Bay Corbyn’in yakın zamanda gitmesi pek olası değil. Eylül ayında büyük bir yetki kazandı. Dahası, İşçi Partisi’nin ılımlı kanadındaki ezici fikir birliği, onun devrilmek yerine düşmesi gerektiği yönünde. Ancak o zaman, makul sayıda destekçisinin oy verdikleri çılgın siyaseti (belki de çoğu durumda, olumlu bir onaylamadan çok bir protesto olarak) yeniden düşünecek ve daha modern, ayakları yere basan bir alternatifi destekleyecektir.

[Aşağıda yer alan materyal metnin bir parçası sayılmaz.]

Lemma sum_abs_shift_le n (lam : nat -> R) (c : R) : 0 <= c -> c <= 1 ->
  \sum_(i < n) `|lam i - c * c| <= \sum_(i < n) `|lam i - c| + n%:R * (c - c * c).
Proof.
move=> c_ge0 c_le1.
have c2_le_c : c * c <= c by rewrite ler_piMr.
apply: (@le_trans _ _ (\sum_(i < n) (`|lam i - c| + (c - c * c)))).
  apply: ler_sum => i _; rewrite -[c - c * c]ger0_norm ?subr_ge0 //.
  by rewrite (_ : lam i - c * c = (lam i - c) + (c - c * c)) ?ler_normD //; ring.
by rewrite big_split /= sumr_const card_ord mulr_natl.
Qed.

Lemma tdist_kron_pure_le n rho psi :
  (0 < n)%N -> Defs.hermitian n rho -> unit_vec n psi ->
  tdist (n * n) (kron n rho (ketbra psi)) (maxmixed (n * n))
    <= tdist n rho (maxmixed n) + (1 - n%:R^-1).
Proof.
move=> n_gt0 /hermitian_spectral [U [lam [Uu hrho]]].
move=> /pure_spectrum [Q [mu [Qu hP mu01 mu_sum]]].
set c : R := n%:R^-1.
have nc : n%:R * c = 1 by rewrite mulfV // pnatr_eq0 -lt0n.
have c_ge0 : 0 <= c by rewrite invr_ge0 ler0n.
have c_le1 : c <= 1 by rewrite invf_le1 ?ltr0n // ler1n.
have UQu := tensmx_unitary Uu Qu.
rewrite (@tdist_spectral _ _ _ _ (fun k => lam k - c) Uu); last first.
  by rewrite tomx_msub hrho tomx_maxmixed rdiagB mulmxBr mulmxBl (unitary_conj_scalar _ Uu).
rewrite (@tdist_spectral _ _ _ _ (fun k => lam (k %/ n)%N * mu (k %% n)%N - c * c) UQu); last first.
  rewrite tomx_msub (kron_spectral hrho hP) tomx_maxmixed rdiagB mulmxBr mulmxBl.
  by rewrite (unitary_conj_scalar _ UQu) natrM invfM.
rewrite (sum_tens_pure (fun x => `|x - c * c|) _ mu01 mu_sum) /= sub0r normrN.
rewrite ger0_norm ?mulr_ge0 //.
have mass_c : n%:R * (c - c * c) = 1 - c.
  by transitivity (n%:R * c - n%:R * c * c); [ring | rewrite nc !mul1r].
have mass_c2 : n%:R * (n%:R - 1) * (c * c) = 1 - c.
  by transitivity (n%:R * c * (n%:R * c) - n%:R * c * c); [ring | rewrite nc !mul1r].
have := sum_abs_shift_le n lam c_ge0 c_le1; rewrite mass_c mass_c2; lra.
Qed.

Yine de İşçi Partisi için son birkaç gün önemli çünkü bu günler partiyi liderinin umutsuz olduğunun kabulüne biraz daha yaklaştırdı. Bu, önümüzdeki ayın başlarında, Oldham West ve Royton ara seçiminde vurgulanabilir. Liderlik kampanyasında Bay Corbyn’in destekçilerinin öne sürdüğü en keskin iddialardan biri, onun açık sözlü tarzının, popülist Birleşik Krallık Bağımsızlık Partisi’nin şu anda ciddi bir varlık gösterdiği koltuklarda partinin Eski İşçi Partisi seçmenlerini geri kazanmasına yardımcı olacağıydı. Ara seçim bunu test edecek ve – geçen hafta koltuğa yaptığım ziyaretim bir şey olacaksa – eksik bulacaktır. Köşemden alıntı yapmak için:
İşçi Partisi’nin koltuktaki galibiyeti yankı uyandırmaktan başka bir şey değilse – ki bu tamamen mümkün görünüyor – parti genelindeki milletvekilleri umutları hakkında endişelenmeli. Ama harekete geçecekler mi? Benim görüşüme göre, Paris saldırılarını ve partinin tepkisini takip ettikten sonra, artık mesele bir sonraki seçimde %30’u aşıp aşmamak değil, %20’yi geçip geçemeyeceği meselesidir. Seçmenler günlük siyasi karmaşaya çok ama çok az ilgi gösteriyor. Ancak birkaç şey fark edilir. Oldham kapılarının eşiğinde geçirdiğim öğleden sonra (Paris saldırılarından önce bile) ortaya koyduğu gibi, İşçi Partisi’nin İngiliz vatandaşları için ne ölçüde ayağa kalkması gerektiği konusundaki belirsizliği bunlardan biri. Bu ne kadar uzun sürerse, partinin imajına verilen zarar o kadar büyük olur. Ilımlılar, liderlerinden (haklı olarak) farklı bir vurgu benimsiyor ve sonunda onun elinden kayıp gitmesini bekliyor. Ancak son günler bunun yeterli olmadığını gösterdi. Onu aktif bir şekilde koltuğundan indirmeyi ve onu kazanmayı hak etmediği bir göreve sokan kişiye rakip olacak bir taban inşa etmeyi düşünmeye başlamalılar.